Il crut avoir en face de lui les bureaux d’une banque ou de quelque administration d’État. Il y avait là des employés, caissiers, garçons de bureau, comptables, qui écrivaient, étudiaient des dossiers, alignaient des chiffres, grattaient du papier, comptaient des liasses de billets de banque, empilaient de l’or… Là le travail était ardent, fiévreux. Les employés ne se livraient à aucun inutile bavardage et le seul bruit qui montait de cette salle, dont on n’apercevait du reste qu’un coin, était le bruit de l’or, le tintinnabulement des pièces de monnaie.

— Banque et contentieux. Ce sont nos bureaux, cher Professeur. C’est ce que nous appelons la « Section des faussaires »…

— Comment ? La section des faussaires ?… Vous prenez les faussaires pour faire vos comptes et garder vos caisses ! souffla le Professeur, dont le cerveau menaçait d’éclater… Quelle histoire ! Pour sûr, j’en deviendrai fou !… Je crois que vous me conduisez dans un antre où nous allons trouver enchaînée cette pauvre Mlle Desjardies, et, après être descendus à plus de cent mètres sous terre…

— Cent cinquante !…

— Cent cinquante… Je tombe à minuit dans une espèce d’étude de notaire qui est à la fois une banque et où tous les employés sont des faussaires.

— Je vous ai dit de ne plus rien redouter pour Mlle Desjardies ; avant une heure, je vous le répète, elle sera libre…

Le roi avança la tête et son regard sembla faire le tour de la salle, d’où le bruit de l’or continuait à monter en échos agaçants.

— Cassecou ! fit-il… Vois-tu Patte-d’Oie ?…

— Je ne le cherche même pas, répondit Cassecou… Il est avec les autres !… Je vous dis, maître, que vous avez trop de confiance !… Patte-d’Oie n’a pas mis les pieds cette nuit à la section… Le Vautour lui a dit de venir au conseil.

— Le Vautour réunit maintenant mon conseil ? ricana R. C.

— Les ordres partaient pour toutes les sections quand je me suis échappé, voulut reprendre Cassecou… Figurez-vous, maître…

Mais R. C. le fit taire violemment.

— Pas de paroles inutiles, déclara le roi. Si tu n’as pas foi en moi, si tu crois que le Vautour est plus fort que moi, pourquoi me sers-tu ? Le Vautour est un enfant !

… Le Professeur n’écoutait même pas ces propos, incompréhensibles pour lui… Les yeux fixés sur le spectacle d’en bas, il se demandait s’il ne rêvait pas… Certes, il avait entendu parler de bandes fantastiquement organisées, admirablement installées, mais une installation pareille, à cent mètres sous Paris…

Évidemment, la folle imagination du Professeur, excitée par un spectacle aussi inusité, courait la prétentaine… Cependant nous devons à la vérité de dire que le point de départ de ses raisonnements n’était point aussi insensé qu’on eût été tenté de le croire. Des quartiers entiers des catacombes de Paris ont été autrefois habités, du côté de la place d’Enfer, par exemple par la puissante organisation des Talpa, et aux environs du Panthéon, là même où nous avons aujourd’hui conduit le lecteur, par des bandes politiques qui tinrent, après la chute du premier Empire, toute l’Europe monarchique sous la terreur, associations libertaires et bonapartistes très connues sous le nom de « carbonari ».

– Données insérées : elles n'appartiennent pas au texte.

(* By induction on [n]: the last point is merged with the renormalized family
   of the others, to which the induction hypothesis applies with bound [a / s]. *)
Lemma sqr_wmean_expR_le_mix n (alpha y : 'I_n.+1 -> R) (a : R) :
  (forall i, 0 < alpha i) -> \sum_i alpha i = 1 -> 0 < a ->
  (forall i, a <= alpha i) ->
  (\sum_i alpha i * expR (y i)) ^+ 2 <=
  a * expR (\sum_i alpha i * y i) ^+ 2 + (1 - a) * \sum_i alpha i * expR (y i) ^+ 2.
Proof.
elim: n alpha y a => [|n IH] alpha y a alpha_gt0 alpha1 a0 a_le.
  move: alpha1; rewrite !big_ord1 => ->; rewrite !mul1r.
  by rewrite -mulrDl subrKC mul1r.
pose lw := @widen_ord n.+1 n.+2 (leqnSn n.+1).
move: alpha1; rewrite !(big_ord_recr n.+1) /= => alpha1.
set b := alpha ord_max in alpha1 *.
set s := \sum_(i < n.+1) alpha (lw i) in alpha1 *.
have a_le_s : a <= s.
  apply: le_trans (a_le (lw ord0)) _.
  by rewrite /s (bigD1 ord0) //= lerDl; apply: sumr_ge0 => i _; exact: ltW.
have s0 : 0 < s by apply: lt_le_trans a0 a_le_s.
have sn0 : s != 0 by rewrite gt_eqF.
pose beta i := alpha (lw i) / s.
have beta_gt0 i : 0 < beta i by rewrite divr_gt0.
have beta1 : \sum_i beta i = 1 by rewrite -mulr_suml divff.
have a_le_beta i : a / s <= beta i by rewrite ler_pM2r ?invr_gt0.
have := IH beta (y \o lw) (a / s) beta_gt0 beta1 (divr_gt0 a0 s0) a_le_beta.
set M := \sum_i beta i * expR ((y \o lw) i).
set L := \sum_i beta i * (y \o lw) i.
set Q := \sum_i beta i * expR ((y \o lw) i) ^+ 2 => ih.
have scale (f : 'I_n.+2 -> R) :
    \sum_(i < n.+1) alpha (lw i) * f (lw i) = s * \sum_i beta i * f (lw i).
  by rewrite mulr_sumr; apply: eq_bigr => i _; rewrite /beta; field.
rewrite (scale (expR \o y)) (scale y) (scale (fun i => expR (y i) ^+ 2)) -/M -/L -/Q.
have HM : expR L <= M by apply: expR_jensen => // i; exact: ltW.
have MQ : M ^+ 2 <= Q.
  by have := wcauchy_schwarz (expR \o y \o lw) (fun i => ltW (beta_gt0 i)); rewrite beta1 mul1r.
have ih_s : s * M ^+ 2 <= a * expR L ^+ 2 + (s - a) * Q.
  have -> : a * expR L ^+ 2 + (s - a) * Q = s * (a / s * expR L ^+ 2 + (1 - a / s) * Q).
    by field.
  by rewrite ler_pM2l.
have bs : b + s = 1 by lra.
have a_le_b : a <= b by exact: a_le.
apply: (sqr_mean_merge_le a0 a_le_b a_le_s bs (expR_gt0 _) (expR_gt0 _) HM MQ ih_s).
  exact: two_point_sqr_mean_le.
exact: two_point_geom_ge.
Qed.

Lemma sqr_wmean_le_mix n (alpha u : 'I_n -> R) (a : R) :
  (forall i, 0 < alpha i) -> \sum_i alpha i = 1 -> (forall i, 0 <= u i) ->
  0 < a -> (forall i, a <= alpha i) ->
  (\sum_i alpha i * u i) ^+ 2 <=
  a * (\prod_i u i `^ alpha i) ^+ 2 + (1 - a) * \sum_i alpha i * u i ^+ 2.
Proof.
case: n alpha u => [|n] alpha u alpha_gt0 alpha1 u0 a0 a_le.
  by move: alpha1; rewrite big_ord0 => /eqP; rewrite eq_sym oner_eq0.
case: (boolP [exists k, u k == 0]) => [/existsP[k /eqP uk]|/existsPn u_neq0].
  (* the geometric mean vanishes: drop the point [k] and use Cauchy-Schwarz *)
  rewrite (prod_powR_eq0 alpha_gt0 uk) expr0n /= mulr0 add0r.
  pose w i := if i == k then 0 else alpha i.
  have w0 i : 0 <= w i by rewrite /w; case: eqP => // _; exact: ltW.
  have wu (f : R -> R) : f 0 = 0 -> \sum_i w i * f (u i) = \sum_i alpha i * f (u i).
    by move=> f0; apply: eq_bigr => i _; rewrite /w; case: eqP => [->|//]; rewrite uk f0 !mulr0.
  have w1 : \sum_i w i = 1 - alpha k.
    rewrite -alpha1 (bigD1 k) //= [X in _ = X - _](bigD1 k) //= /w eqxx add0r addrC addrK.
    by apply: eq_bigr => i /negbTE ->.
  have := wcauchy_schwarz u w0.
  rewrite (wu id) // (wu (fun v => v ^+ 2)) ?expr0n // w1 => /le_trans; apply.
  rewrite ler_wpM2r ?lerD2l ?lerN2 //.
  by apply: sumr_ge0 => i _; rewrite mulr_ge0 ?sqr_ge0 // ltW.
have u_gt0 i : 0 < u i by rewrite lt_neqAle eq_sym u_neq0 u0.
have uE i : u i = expR (ln (u i)) by rewrite lnK // posrE.
rewrite prod_powR_expR //.
under eq_bigr do rewrite uE.
under [X in _ <= _ + (1 - a) * X]eq_bigr do rewrite uE.
exact: sqr_wmean_expR_le_mix.
Qed.

End UpperBound.

Section AMGMGap.
Variable R : realType.
Variables (n : nat) (x alpha : 'I_n -> R) (a : R).
Hypothesis x_ge0 : forall i, 0 <= x i.
Hypothesis alpha_gt0 : forall i, 0 < alpha i.
Hypothesis alpha1 : \sum_i alpha i = 1.
Hypothesis a_le_alpha : forall i, a <= alpha i.

Lemma vpow_half (p : R) : vpow x (p / 2) = fun i => vpow x 2^-1 i `^ p.
Proof. by apply/funext => i; rewrite /vpow -powRrM mulrC. Qed.

Let sqrt_sqr i : vpow x 2^-1 i ^+ 2 = x i.
Proof.
by rewrite -powR_mulrn ?powR_ge0 // -powRrM mulVf ?pnatr_eq0 // powRr1.
Qed.

Let wmean_sqrt : wmean alpha x = \sum_i alpha i * vpow x 2^-1 i ^+ 2.
Proof. by apply: eq_bigr => i _; rewrite sqrt_sqr. Qed.

Let wgeom_sqrt : wgeom alpha x = (\prod_i vpow x 2^-1 i `^ alpha i) ^+ 2.
Proof.
rewrite /wgeom -prodrXl; apply: eq_bigr => i _.
by rewrite -{1}sqrt_sqr expr2 powRM ?powR_ge0 // -expr2.
Qed.

Lemma wvar_sqrt_le_gap : a < 1 ->
  wvar alpha (vpow x 2^-1) <= (1 - a) * (wmean alpha x - wgeom alpha x).
Proof.
move=> a1; have := sqr_prod_powR_le_mix alpha1 alpha_gt0 a1 a_le_alpha
  (fun i => powR_ge0 (x i) 2^-1).
by rewrite wvarE // wmean_sqrt wgeom_sqrt /wmean; lra.
Qed.

Lemma gap_le_wvar_sqrt : 0 < a ->
  a * (wmean alpha x - wgeom alpha x) <= wvar alpha (vpow x 2^-1).
Proof.
move=> a0; have := sqr_wmean_le_mix alpha_gt0 alpha1
  (fun i => powR_ge0 (x i) 2^-1) a0 a_le_alpha.
by rewrite wvarE // wmean_sqrt wgeom_sqrt /wmean; lra.
Qed.

End AMGMGap.

Section AlphaMin.
Variable R : realType.
Variables (n : nat) (alpha : 'I_n -> R).

Lemma alpha_min_le i : alpha_min alpha <= alpha i.
Proof. by rewrite /alpha_min (bigD1 i) //= ge_min lexx. Qed.

Lemma alpha_min_gt0 : (forall i, 0 < alpha i) -> 0 < alpha_min alpha.
Proof.
move=> alpha_gt0; rewrite /alpha_min.
by apply: (big_ind (fun v => 0 < v)) => // p q p0 q0; rewrite lt_min p0 q0.
Qed.

Lemma alpha_min_lt1 : (1 < n)%N -> (forall i, 0 < alpha i) ->
  \sum_i alpha i = 1 -> alpha_min alpha < 1.
Proof.
move=> n2 alpha_gt0 alpha1.
pose i0 : 'I_n := Ordinal (ltnW n2); pose i1 : 'I_n := Ordinal n2.
have : alpha i0 + alpha i1 <= 1.
  rewrite -alpha1 (bigD1 i0) //= (bigD1 i1) //= addrA lerDl.
  by apply: sumr_ge0 => i _; exact: ltW.
by have := alpha_gt0 i1; have := alpha_min_le i0; lra.
Qed.

End AlphaMin.

Unset Implicit Arguments.

Theorem theorem2p4 (R : realType) (n : nat) (x alpha : 'I_n -> R) (r s : R) :
  (2 <= n)%N ->
  (forall i, 0 <= x i) ->
  (forall i, 0 < alpha i) ->
  \sum_(i < n) alpha i = 1 ->
  0 < r -> r <= 1 -> 1 <= s ->
  (1 / (1 - alpha_min alpha)) * (wvar alpha (vpow x (r / 2)) `^ (1 / r))
    <= wmean alpha x - wgeom alpha x
  /\ wmean alpha x - wgeom alpha x
    <= (1 / alpha_min alpha) * (wvar alpha (vpow x (s / 2)) `^ (1 / s)).
Proof.
move=> n2 x_ge0 alpha_gt0 alpha1 r0 r1 s1.
have alpha_ge0 i : 0 <= alpha i by exact: ltW.
have a_le := alpha_min_le alpha.
have a0 := alpha_min_gt0 alpha_gt0.
have a1 := alpha_min_lt1 n2 alpha_gt0 alpha1.
have sqrt_ge0 i : 0 <= vpow x 2^-1 i by exact: powR_ge0.
rewrite !div1r !vpow_half; split.
- rewrite mulrC ler_pdivrMr ?subr_gt0 // mulrC.
  apply: le_trans (wvar_sqrt_le_gap x_ge0 alpha_gt0 alpha1 a_le a1).
  exact: wvar_powR_le.
- rewrite mulrC ler_pdivlMr // mulrC.
  apply: le_trans (gap_le_wvar_sqrt x_ge0 alpha_gt0 alpha1 a_le a0) _.
  exact: wvar_powR_ge.
Qed.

C’est dans l’ancienne demeure souterraine de ces conspirateurs que R. C. avait élu domicile avec sa bande. Mais bientôt l’extension de ses affaires le força à agrandir ses magasins, si j’ose m’exprimer ainsi, et si quelque carbonaro était revenu en ce monde et redescendu chez lui par le puits de la rue Mouffetard, il eût été bien étonné, d’abord d’y trouver un ascenseur ensuite de voir en quel palais immense, et sans limite appréciable, s’étaient transformées ses primitives salles de conseils secrets que l’Histoire elle-même, du reste, nous présente agréablement aménagées et ne manquant nullement de confortable.

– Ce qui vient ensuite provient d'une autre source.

Section Geodesic.

Variables (H : R -> R -> R -> R) (m : R) (gam : R -> pt) (N : R -> R) (l : R).
Hypothesis HN : N l <> 0.

Let D (k : nat) : R := Derive (fun s => crd (gam s) k) l.

Lemma mom_val r : (r < 4)%nat ->
  mom H m gam N r l = sum4 (fun b => ppg H r b (gam l) * D b) / N l.
Proof.
  intros Hr; unfold mom, Lag, vel, sum4, D; apply is_derive_unique.
  destruct r as [|[|[|[|r]]]]; try lia; simpl;
    (auto_derive; [repeat split; auto|field; exact HN]).
Qed.

Lemma dLdx_val r :
  ex_derive (fun t => ppg H 0%nat 0%nat (upd (gam l) r t)) (crd (gam l) r) ->
  dLdx H m gam N r l = / (2 * N l) * D 0%nat ^ 2 * pd r (ppg H 0%nat 0%nat) (gam l).
Proof.
  intros Hex; unfold dLdx, Lag, pd, D.
  set (G := fun t => ppg H 0%nat 0%nat (upd (gam l) r t)) in *; apply is_derive_unique.
  eapply is_derive_ext; [intros t; change (H _ _ _) with (G t); reflexivity|].
  simpl; auto_derive; [repeat split; auto|]; simpl.
  change (fun x : R => G x) with G; field; exact HN.
Qed.

Lemma dLdn_val : dLdn H m gam N l
  = - sum4 (fun i => sum4 (fun j => ppg H i j (gam l) * D i * D j)) / (2 * N l ^ 2) - m ^ 2 / 2.
Proof.
  unfold dLdn, Lag, vel, sum4, ppg, D; simpl; apply is_derive_unique.
  auto_derive; [repeat split; auto|field; exact HN].
Qed.

Lemma mass_shell : dLdn H m gam N l = 0 ->
  sum4 (fun i => sum4 (fun j => ppg H i j (gam l) * D i * D j)) = - m ^ 2 * N l ^ 2.
Proof.
  rewrite dLdn_val; set (Q := sum4 _); intros Hshell.
  replace Q with (- (2 * N l ^ 2) * (- Q / (2 * N l ^ 2) - m ^ 2 / 2) - m ^ 2 * N l ^ 2)
    by (field; exact HN).
  rewrite Hshell; ring.
Qed.

Lemma mom_v_val : mom H m gam N 1 l = D 0%nat / N l.
Proof. rewrite mom_val by lia; unfold sum4, ppg; simpl; f_equal; ring. Qed.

Le Professeur, légèrement abasourdi, en était là de ses réflexions, tandis que R. C. et Cassecou échangeaient soudain quelques propos en une langue complètement inconnue, quand la pierre se referma sur les bureaux du roi des Catacombes. Mais, non loin de là, toujours à la même hauteur, une autre pierre bascula ; un autre carré de lumière apparut et un autre bruit bien connu se fit entendre, plus connu aux oreilles du Professeur, grand amateur de duels, que le bruit de l’or, le bruit des épées qui se froissent.